LAS CHICAS DEL BARRIO
Bueno, por distintos comentarios que me habéis ido haciendo parece que os habéis quedado como con miedo. ¡Qué no!, lo que sí es, es todo subrrealista, un país de paradojas, contrastes…nada aburrido.
Con los minis no sufráis, nos sabemos los asientos estratégicos para que tanto haya choque frontal como lateral no nos pase nada. Chss, ¿qué creíais?!y esque somos totalmente alteñas. No os digo más que ayer una señora me estuvo hablando un rato en el mini en aymara. No sé que decía, creo que flipaba con mis rastas…yo me limité a sonreír.
Y bueno no sólo eso!, el Lunes, hasta nos encontramos con una de las mujeres reporteras por la calle. Así nos las gastamos, saludando aquí saludando allá. Bueno bueno, es que tenemos amigos y todo. Y puedo alargar la “s”. porque no tenemos uno, no, tenemos 4, y de dos grupos diferentes! ¿ahora como os quedáis? Muertos ¿verdad? .
También tenemos enemigas. Tres perras alemanas del hostel. Pero mañana terminaremos con esto. Los nuevos amigos chilenos nos han ofrecido vivir en su casa. Y no nos vamos por ellas, no no. Nos vamos porque ya hemos agotado todos los recursos. Se han dado cuenta de que robamos fruta, leche y yogurt del desayuno y la relación con la recepción desde que se fueron los coleguis hosteleros es tensa. Pero gracias a anteriores visitas yo tengo no una, dos toallas magníficas…ya no tengo que secarme con la triste y pequeña toalla de manos que traje.

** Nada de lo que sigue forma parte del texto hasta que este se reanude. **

(* Let $d\ge 2$ and consider a translation-invariant, nearest-neighbor, frustration free quantum spin chain on $\mathbb{Z}$ with single-site spaces $\mathcal{H}_x=\mathbb{C}^d$, a fixed positive two-site interaction $h(x,x+1)\ge 0$, and local Hamiltonians $H(c,d)=\sum_{x=c}^{d-1}h(x,x+1)$ (notation as in the context). Suppose that $\varepsilon_{m,n}<1/2$ for some integers $n\ge m\ge 1$. Let $N\ge 2$ and $\psi\in\mathcal{G}(1,N)^\perp\subset \mathcal{H}_{[1,N]}$, and define $$\psi_1=(1-G(1,N-n))\psi,\qquad \psi_2=G(1,N-n)\psi,$$ so that $\psi=\psi_1+\psi_2$ (if $N\le n+1$, then $\psi_1=0$ and $\psi_2=\psi$). Then $$\langle\psi, H(1,N)\psi\rangle\ \ge\ \gamma_{m+n}\big(\alpha(\varepsilon_{m,n})\|\psi_1\|^2+\beta(\varepsilon_{m,n})\|\psi_2\|^2\big),$$ where $\alpha(\varepsilon)=(\sqrt{1-\varepsilon}-\sqrt{\varepsilon})^2$ and $\beta(\varepsilon)=\sqrt{1-\varepsilon}\,(\sqrt{1-\varepsilon}-\sqrt{\varepsilon})$.
   Context: Setting: for each $x\in\mathbb{Z}$, $\mathcal{H}_x=\mathbb{C}^d$, and for a finite $\Lambda\subset\mathbb{Z}$, $\mathcal{H}_\Lambda=\bigotimes_{x\in\Lambda}\mathcal{H}_x$. A fixed positive operator $h$ on $\mathbb{C}^d\otimes\mathbb{C}^d$ gives $h(x,x+1)$ acting on sites $x,x+1$. For integers $c\le d$, $H(c,d)=\sum_{x=c}^{d-1}h(x,x+1)$, viewed as an operator on $\mathcal{H}_\Lambda$ for any interval $\Lambda\supset[c,d]$ (tensored with the identity elsewhere); $H(c,c)=0$. Frustration free means $\mathcal{G}(c,d):=\operatorname{Ker}H(c,d)\ne\{0\}$ for every interval $[c,d]$. $G(c,d)$ denotes the orthogonal projection onto $\mathcal{G}(c,d)$ (so $G(c,c)=1$; and by convention $G(1,k)=1$ for $k\le 1$). For $c<d$, the spectral gap $\gamma(c,d)$ is the largest number with $H(c,d)\ge\gamma(c,d)(1-G(c,d))$; it depends only on $d-c+1$. Set $\gamma_N=\min_{2\le k\le N}\gamma(1,k)$. For $m,n\ge 1$, on any $\mathcal{H}_{[a,b]}$ with $a\le -m$, $b\ge n$, define $$\varepsilon(m,n)=\sup\{\langle\psi,G(0,n)\psi\rangle:\ \psi\in\mathcal{G}(-m,0),\ \psi\in\mathcal{G}(-m,n)^\perp,\ \|\psi\|=1\},$$ (independent of $a,b$ and translation invariant), and $\varepsilon_{m,n}=\sup_{m'\ge m}\varepsilon(m',n)$. *)

From HB Require Import structures.
From mathcomp Require Import all_boot all_order all_algebra.
From mathcomp Require Import boolp classical_sets reals.
From mathcomp.real_closed Require Import complex.

Set Implicit Arguments.
Unset Strict Implicit.
Unset Printing Implicit Defensive.

Import Order.TTheory GRing.Theory Num.Theory.
Local Open Scope ring_scope.
Local Open Scope complex_scope.

Section SpinChain.
Variable R : realType.
Local Notation C := (R[i]).
Variable d : nat.

(* Basis configurations of a chain of L sites (sites 0..L-1), each site C^d. *)
Definition conf (L : nat) := {ffun 'I_L -> 'I_d}.

(* Vectors of H_Lambda = (C^d)^{tensor L}, in the product basis. *)
Definition vec (L : nat) := {ffun conf L -> C}.

Definition dot (L : nat) (u v : vec L) : C := \sum_(s : conf L) (u s)^* * v s.

Definition nrm2 (L : nat) (u : vec L) : R := complex.Re (dot u u).

(* Two-site operator h on C^d (x) C^d, given by its matrix entries h p q. *)
Definition two_site := ('I_d * 'I_d)%type -> ('I_d * 'I_d)%type -> C.

Definition positive_op (h : two_site) : Prop :=
  forall phi : ('I_d * 'I_d)%type -> C,
    0 <= \sum_(p : 'I_d * 'I_d) (phi p)^* * \sum_(q : 'I_d * 'I_d) h p q * phi q.

Definition upd (L : nat) (s : conf L) (j k : 'I_L) (a b : 'I_d) : conf L :=
  [ffun i => if i == j then a else if i == k then b else s i].

(* h(x,x+1) acting on sites x, x+1 of the chain of L sites (tensored with the
   identity elsewhere); it is 0 if x+1 is not a site. *)
Definition hop (h : two_site) (L x : nat) (psi : vec L) : vec L :=
  [ffun s : conf L => \sum_(j : 'I_L | val j == x) \sum_(k : 'I_L | val k == x.+1)
      \sum_(a : 'I_d) \sum_(b : 'I_d) h (s j, s k) (a, b) * psi (upd s j k a b)].

(* H on the sites [i, j] (0-based) = sum_{x=i}^{j-1} h(x,x+1); empty if j <= i. *)
Definition Hchain (h : two_site) (L i j : nat) (psi : vec L) : vec L :=
  \sum_(i <= x < j) hop h x psi.

Definition kerH (h : two_site) (L i j : nat) : set (vec L) :=
  [set v | Hchain h i j v = 0].
Arguments kerH : clear implicits.

Definition oproj (L : nat) (V : set (vec L)) (x : vec L) : vec L :=
  xget 0 [set y | V y /\ forall v, V v -> dot v (x - y) = 0].

Definition Gproj (h : two_site) (L i j : nat) : vec L -> vec L :=
  oproj (kerH h L i j).
Arguments Gproj : clear implicits.

(* Frustration freeness: Ker H(c,d) <> {0} for every interval; by
   translation invariance it suffices to consider the full chain [0, L-1]. *)
Definition frustration_free (h : two_site) : Prop :=
  forall L : nat, (0 < L)%N -> exists v : vec L, v != 0 /\ Hchain h 0 L.-1 v = 0.

(* gamma(1,k): the largest g with H(1,k) >= g (1 - G(1,k)) on H_[1,k]
   (sites 0..k-1). *)
Definition gap (h : two_site) (k : nat) : R :=
  sup [set g : R | forall phi : vec k,
         0 <= dot phi (Hchain h 0 k.-1 phi - g%:C *: (phi - Gproj h k 0 k.-1 phi))].

Definition gammaN (h : two_site) (N : nat) : R :=
  \big[Order.min/gap h 2]_(2 <= k < N.+1) gap h k.

(* epsilon(m,n), computed on Lambda = [-m, n]  (sites 0..m+n, original site 0
   is site m). *)
Definition eps (h : two_site) (m n : nat) : R :=
  sup [set e : R | exists psi : vec (m + n).+1,
         [/\ kerH h (m + n).+1 0 m psi,
             (forall v, kerH h (m + n).+1 0 (m + n) v -> dot v psi = 0),
             dot psi psi = 1 &
             e%:C = dot psi (Gproj h (m + n).+1 m (m + n) psi)]].

Definition eps_sup (h : two_site) (m n : nat) : R :=
  sup [set e : R | exists m', (m <= m')%N /\ e = eps h m' n].

Definition alpha (e : R) : R := (Num.sqrt (1 - e) - Num.sqrt e) ^+ 2.
Definition beta (e : R) : R := Num.sqrt (1 - e) * (Num.sqrt (1 - e) - Num.sqrt e).

End SpinChain.
Arguments kerH {R d} h L i j.
Arguments Gproj {R d} h L i j.

From HB Require Import structures.
From mathcomp Require Import all_boot all_order all_algebra.
From mathcomp Require Import boolp classical_sets reals.
From mathcomp.real_closed Require Import complex.
From mathcomp Require Import ring lra zify.
Import Order.TTheory GRing.Theory Num.Theory.
Local Open Scope complex_scope.
Local Open Scope ring_scope.

Set Implicit Arguments.
Unset Strict Implicit.
Unset Printing Implicit Defensive.

(* Write G(j) for the projection onto Ker H(1, j) and Q for the projection onto
   Ker H(N - n, N).  Since H(1, N) = H(1, N - n) + H(N - n, N), the energy of
   psi is bounded below by induction on N (in steps of n) for the first term,
   and by the gap, gamma_{n+1} |psi - Q psi|^2, for the second.  The two are
   linked through u = (G(N - n) - G(N)) psi and v = (G(N - 2n) - G(N - n)) psi:
   |psi - Q psi|^2 >= |u|^2 + |v|^2 - |Q (u + v)|^2, and Cauchy-Schwarz with
   |Q u|^2 <= eps |u|^2 bounds |Q (u + v)|^2 through an optimised quadratic
   inequality, which is where alpha(eps) and beta(eps) come from.  Statements
   about short chains (positivity, gap, eps) are transported into the long chain
   by splitting configurations into a window and its complement. *)

Section ComplexFacts.
Variable R : realType.
Implicit Types x y : R[i].

Lemma ReJ x : complex.Re x^* = complex.Re x.
Proof. by case: x. Qed.

Lemma Re_realM (k : R) x : complex.Re (k%:C * x) = k * complex.Re x.
Proof. by case: x => a b /=; rewrite mul0r subr0. Qed.

Lemma conjC_real (k : R) : (k%:C)^* = k%:C.
Proof. by apply/eqP; rewrite eq_complex /= oppr0 !eqxx. Qed.

Lemma Re_ge0 x : 0 <= x -> 0 <= complex.Re x.
Proof. by rewrite lecE => /andP []. Qed.

Lemma ge0_complexE x : 0 <= x -> x = (complex.Re x)%:C.
Proof. by case: x => a b; rewrite lecE /= => /andP [/eqP -> _]. Qed.

End ComplexFacts.

Section InnerProduct.
Variables (R : realType) (d L : nat).
Local Notation V := (vec R d L).
Implicit Types (u v w : V) (a : R[i]).

Fact dot_is_linear u : linear (dot u).
Proof.
move=> a v w; rewrite /dot scaler_sumr -big_split; apply: eq_bigr => s _ /=.
by rewrite !ffunE mulrDr mulrCA.
Qed.
HB.instance Definition _ u := GRing.isLinear.Build _ _ _ _ (dot u) (dot_is_linear u).

Lemma dotC u v : dot v u = (dot u v)^*.
Proof. by rewrite /dot rmorph_sum; apply: eq_bigr => s _; rewrite rmorphM /= conjCK mulrC. Qed.

Lemma dotZr a u v : dot u (a *: v) = a * dot u v.
Proof. exact: linearZ. Qed.

Lemma dotDl u v w : dot (u + v) w = dot u w + dot v w.
Proof. by rewrite dotC raddfD rmorphD /= -!dotC. Qed.
Lemma dotBl u v w : dot (u - v) w = dot u w - dot v w.
Proof. by rewrite dotC raddfB rmorphB /= -!dotC. Qed.
Lemma dotZl a u v : dot (a *: u) v = a^* * dot u v.
Proof. by rewrite dotC dotZr rmorphM /= -dotC. Qed.
Lemma dot0l u : dot 0 u = 0.
Proof. by rewrite dotC raddf0 rmorph0. Qed.

Lemma dot_ge0 u : 0 <= dot u u.
Proof. by apply: sumr_ge0 => s _; rewrite mulrC mul_conjC_ge0. Qed.

Lemma dot_self u : dot u u = (nrm2 u)%:C.
Proof. exact/ge0_complexE/dot_ge0. Qed.

Lemma nrm2_ge0 u : 0 <= nrm2 u.
Proof. by have := dot_ge0 u; rewrite lecE => /andP []. Qed.

Lemma nrm2_eq0 u : nrm2 u = 0 -> u = 0.
Proof.
move=> u0; have /eqP : dot u u = 0 by rewrite dot_self u0.
rewrite psumr_eq0 => [/allP uP|s _]; last by rewrite mulrC mul_conjC_ge0.
apply/ffunP => s; rewrite ffunE; apply/eqP.
by have /uP := mem_index_enum s; rewrite mulf_eq0 conjC_eq0 orbb.
Qed.

Lemma nrm2D u v : nrm2 (u + v) = nrm2 u + nrm2 v + 2 * complex.Re (dot u v).
Proof. by rewrite /nrm2 dotDl !raddfD /= (dotC u v) ReJ; ring. Qed.

Lemma nrm2D_orth u v : dot u v = 0 -> nrm2 (u + v) = nrm2 u + nrm2 v.
Proof. by move=> uv; rewrite nrm2D uv mulr0 addr0. Qed.

Lemma nrm2Z (k : R) u : nrm2 (k%:C *: u) = k ^+ 2 * nrm2 u.
Proof.
by rewrite /nrm2 dotZl dotZr conjC_real !Re_realM mulrA -expr2.
Qed.

Lemma Re_dot_sqr_le u v : complex.Re (dot u v) ^+ 2 <= nrm2 u * nrm2 v.
Proof.
have [/nrm2_eq0 ->|vn0] := eqVneq (nrm2 v) 0.
  by rewrite /nrm2 !raddf0 /= expr0n mulr0.
have vp : 0 < nrm2 v by rewrite lt_def vn0 nrm2_ge0.
pose k := - (complex.Re (dot u v) / nrm2 v).
have E : (nrm2 u + k ^+ 2 * nrm2 v + 2 * (k * complex.Re (dot u v))) * nrm2 v =
         nrm2 u * nrm2 v - complex.Re (dot u v) ^+ 2.
  by rewrite /k; field; rewrite vn0.
have := nrm2_ge0 (u + k%:C *: v).
by rewrite nrm2D nrm2Z dotZr Re_realM -(ler_pM2r vp) mul0r E subr_ge0.
Qed.

End InnerProduct.

Section OrthogonalProjection.
Variables (R : realType) (d L : nat).
Local Notation V := (vec R d L).
Implicit Types (u v w x y : V).

Lemma subrBB x y z : (x - y) - (x - z) = z - y.
Proof. by rewrite opprB addrC addrA subrK. Qed.

Lemma dot_sym_eq0 u v : dot u v = 0 -> dot v u = 0.
Proof. by move=> uv; rewrite dotC uv rmorph0. Qed.

Lemma span_orth_decomposition (S : seq V) x : exists y,
  {in S, forall s, dot s (x - y) = 0} /\
  forall v, {in S, forall s, dot v s = 0} -> dot v y = 0.
Proof.
elim: S x => [|w S IH] x; first by exists 0; split=> // v _; rewrite raddf0.
have [yx [xS yxS]] := IH x; have [yw [wS ywS]] := IH w.
set w' := w - yw.
have w'S : {in S, forall s, dot w' s = 0} by move=> s /wS /dot_sym_eq0.
pose c := dot w' x / (nrm2 w')%:C.
exists (yx + c *: w'); split=> [s|v vS]; last first.
  have vS' : {in S, forall s, dot v s = 0} by move=> s sS; apply: vS; rewrite inE sS orbT.
  by rewrite linearD /= dotZr linearB /= yxS // ywS // vS ?mem_head // subrr mulr0 addr0.
rewrite inE opprD addrA => /predU1P [->|sS]; last first.
  by rewrite linearB /= dotZr xS // wS // mulr0 subr0.
have yw_x : dot yw (x - yx) = 0 by apply/dot_sym_eq0/ywS => t /xS /dot_sym_eq0.
have yw_w' : dot yw w' = 0 by apply/dot_sym_eq0/ywS.
rewrite -(subrK yw w) -/w' dotDl !(linearB (dot _) (x - yx)) /= !dotZr yw_x yw_w'.
rewrite linearB /= yxS // dot_self subr0 sub0r mulr0 oppr0 addr0.
have [w'0|w'n0] := eqVneq w' 0; first by rewrite w'0 /nrm2 !dot0l mulr0 subrr.
by rewrite /c mulfVK ?subrr //; apply: contra w'n0 => /eqP [/nrm2_eq0 ->].
Qed.

Definition basis_vec (t : conf d L) : V := [ffun s => if s == t then 1 else 0].

Lemma vec_basis_expansion v : v = \sum_t v t *: basis_vec t.
Proof.
apply/ffunP => s; rewrite sum_ffunE (bigD1 s) //= big1 => [|t ts]; rewrite !ffunE.
  by rewrite eqxx addr0; apply/esym/mulr1.
by rewrite eq_sym (negbTE ts) scaler0.
Qed.

Definition adj_row (A : V -> V) (t : conf d L) : V := [ffun s => (A (basis_vec s) t)^*].

Lemma dot_adj_row (A : {linear V -> V}) t v : dot (adj_row A t) v = A v t.
Proof.
rewrite [in RHS](vec_basis_expansion v) linear_sum sum_ffunE /dot.
by apply: eq_bigr => s _; rewrite linearZ !ffunE conjCK mulrC.
Qed.

Section KernelProjection.
Variable A : {linear V -> V}.
Local Notation P := (oproj [set v | A v = 0]).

Estamos totalmente adaptadas al medio y nuestro ánimo lo demuestra. Antes íbamos a trabajar recelosas. Desde que El Alto declaró su odio a los medios de comunicación, y que específicamente me escupieran llegando al trabajo. Pero desde el último escupitajo de ayer, dónde nos dimos cuenta que la única intención era intentar robarnos, nuestro complejo por recibir odio racial ha desaparecido. Ya ni nos cortamos en la radio…y la de la tienda de enfrente a la redacción se sabe de memoria que a las 11 vamos a por el pan y una bolsa de patatas. Y después de comer, un alfajor de 50 centavos (0.05 centimos!!!, como dice Sonia, resulta inmoral).
Y es que somos del barrio.
Y así transcurren todos los días, pero no es una rutina normal amigas. En Bolivia cada día se festeja algo, claro está. Haber si os creéis que los atascos son porque sí, que los estandarte se compran para una vez al año, y que las orquestas ensañan para desfilar un día no mas (en verdad lo parece..porque mira que encima yo tengo mal oído pero es que son malos…con ganas).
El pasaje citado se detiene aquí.